Hoy llegué cansadísimo y lo único que quería era dormir. Aventé mis cosas, me quité la ropa y me metí a la cama. Cerré los ojos y pensé en las preocupaciones; así me quedé dormido y soñé el mundo en estado de consumación. Desperté exaltado y con un ligero dolor de cabeza. Me levanté descansado y con un poco de ánimo. Es la tarde del mismo día y aún falta por terminar.
La red te atrapa y no te deja ir. Es la ventana a la información informal y al atestiguamento de un mundo el cual gira tan rápido que no se debe perder ni un instante. Soy un testigo que observa desde atrás de una ventana y nadie me ve. Nadie me escucha ni tienen la menor idea de que estoy ahí. Sólo tienen que voltear.

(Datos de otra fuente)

(* Prefix sums of [sum_k c_k grad f_k = 0] at the odd positions below 2 lam and at the probes
   form a triangular system. *)
Lemma fam_lin_indep m a l lam x gs :
  (forall i, (1 <= i <= l)%nat -> a i = 0) -> (2 * lam <= l)%nat -> (lam < m)%nat ->
  torus (2 * m) x -> (forall q, (lam <= q < m)%nat -> v a (probe lam q) x <> 0) ->
  (forall k, (k < m)%nat -> is_grad (2 * m) (fam m a lam k) x (gs k)) ->
  lin_indep (2 * m) m gs.
Proof.
  intros Hz Hl Hlm Ht Hv Hg c Hc.
  set (d := fun k => c k * fam_scale m lam k x).
  assert (Hprefix : forall p, (p <= 2 * m)%nat ->
            sumto (fun k => d (k - 1)%nat * sumto (log_dir a lam (k - 1) x) p) m = 0)
    by (intros; apply fam_combination_prefix with gs; auto).
  assert (Hlow : forall j, (0 <= j < lam)%nat ->
            sum_below m (fun k => Nat.leb j k && Nat.ltb k lam)%bool d = 0).
  { intros j Hj. rewrite <- (Hprefix (S (2 * j))) by lia. apply sumto_ext; intros k _.
    rewrite (sumto_log_dir_odd a x l) by (auto; lia). reflexivity. }
  assert (Hhigh : forall q, (lam <= q < m)%nat ->
            sum_below m (fun k => Nat.eqb k lam || Nat.ltb q k)%bool d = 0).
  { intros q Hq. apply (Rmult_eq_reg_l (v a (probe lam q) x)); [|apply Hv; lia].
    rewrite Rmult_0_r, <- (Hprefix (probe lam q)) by (unfold probe; nat_cases).
    unfold sum_below. rewrite <- sumto_scal. apply sumto_ext; intros k _.
    rewrite sumto_log_dir_probe by lia. ring. }
  assert (Hsplit : forall q, (lam <= q < m)%nat ->
            sum_below m (fun k => Nat.eqb k lam || Nat.ltb q k)%bool d =
            sum_below m (fun k => Nat.leb (S q) k && Nat.ltb k m)%bool d + d lam)
    by (intros; apply sum_below_add_point; [lia | nat_cases | intros; nat_cases]).
  assert (Hd_lam : d lam = 0).
  { rewrite <- (Hhigh (m - 1)%nat), Hsplit by lia.
    rewrite sum_below_false; [ring | intros; nat_cases]. }
  assert (Hd : forall k, (k < m)%nat -> d k = 0).
  { intros k Hk. destruct (lt_eq_lt_dec k lam) as [[Hlt | ->] | Hgt]; auto.
    - apply (sum_below_tails_zero m d 0 lam); auto; lia.
    - apply (sum_below_tails_zero m d (S lam) m); [lia | | lia].
      intros j Hj. rewrite <- (Hhigh (j - 1)%nat), Hsplit, Hd_lam by lia.
      replace (S (j - 1)) with j by lia. ring. }
  intros k Hk. specialize (Hd k Hk). unfold d in Hd.
  apply Rmult_integral in Hd as [Hck | Hs]; auto.
  exfalso. exact (fam_scale_neq0 m lam k x Ht Hk Hs).
Qed.

Definition generic_point (m : nat) (a : nat -> R) (lam : nat) (x : nat -> R) : Prop :=
  torus (2 * m) x /\ forall q, (lam <= q < m)%nat -> v a (probe lam q) x <> 0.

Lemma close_mono n eps eps' x y : eps <= eps' -> close n eps x y -> close n eps' x y.
Proof. intros He Hc i Hi. specialize (Hc i Hi). lra. Qed.

Lemma close_finite_conj n x N (P : nat -> (nat -> R) -> Prop) :
  (forall k, (k < N)%nat -> exists eps, 0 < eps /\ forall y, close n eps x y -> P k y) ->
  exists eps, 0 < eps /\ forall y, close n eps x y -> forall k, (k < N)%nat -> P k y.
Proof.
  induction N as [|N IH]; intros HP; [exists 1; split; [lra | intros; lia]|].
  destruct IH as [e1 [He1 H1]]; [intros; apply HP; lia|].
  destruct (HP N) as [e2 [He2 H2]]; [lia|].
  exists (Rmin e1 e2). split; [apply Rmin_pos; auto|].
  intros y Hy k Hk. assert (Hk' : (k < N \/ k = N)%nat) by lia. destruct Hk' as [Hk' | ->].
  - apply H1; auto. eapply close_mono; [apply Rmin_l | exact Hy].
  - apply H2. eapply close_mono; [apply Rmin_r | exact Hy].
Qed.
Theorem lemma2p4 (m n : nat) (A B : nat -> nat -> R) :
  (1 <= m)%nat -> (1 <= n)%nat ->
  nonneg_mat m n A -> nonneg_mat m n B ->
  (exists y, nonneg_nonzero n y /\ is_rho_hat m n A B (rAB m n A B y)) /\
  (exists y, nonneg_nonzero n y /\ is_rho m n A B (rAB m n A B y) /\
     exists yk : nat -> nat -> R,
       (forall k, positive_vec n (yk k)) /\
       (forall j, (j < n)%nat -> Un_cv (fun k => yk k j) (y j)) /\
       cv_ER (fun k => rAB m n A B (yk k)) (rAB m n A B y)).
Proof.
  intros _ Hn HA HB. split.
  - exact (weakly_optimal_exists m n A B HA HB Hn).
  - exact (optimal_exists m n A B HA HB Hn).
Qed.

Los años no pasan porque sí nada más. Se forja un carácter y se (in)madura. Yo estoy ahí para ustedes en un sentido distinto al que están acostumbrados a tener. Si llegan a comprender ésto sabrán que al final bien vale mucho la pena. Es un gran postre irresistible de dejar pasar. Es algo nuevo, pero también algo distinto e interesante.
Fallar es una palabra que me persigue y no es para mí; es para ustedes. Y la ventaja es que se puede intentar cuantas veces quieran, pero el camino fácil es el más cómodo y también el más corto. No se puede ver lo que hay al pasar el arroyo.
Los círculos se asemejan mucho a un tablero de ajedréz, donde constantemente se mueven las piezas y la perspectiva cambia. Ayer los caballos eran mi mejor estrategia, hoy el rey peligra y mañana puedo ser salvado por un peón. Todo está en la estrategia y en las ganas de ganar.

-¿Todavía estás enojado?
Notese que todo es un ciclo que termina y vuelve a comenzar.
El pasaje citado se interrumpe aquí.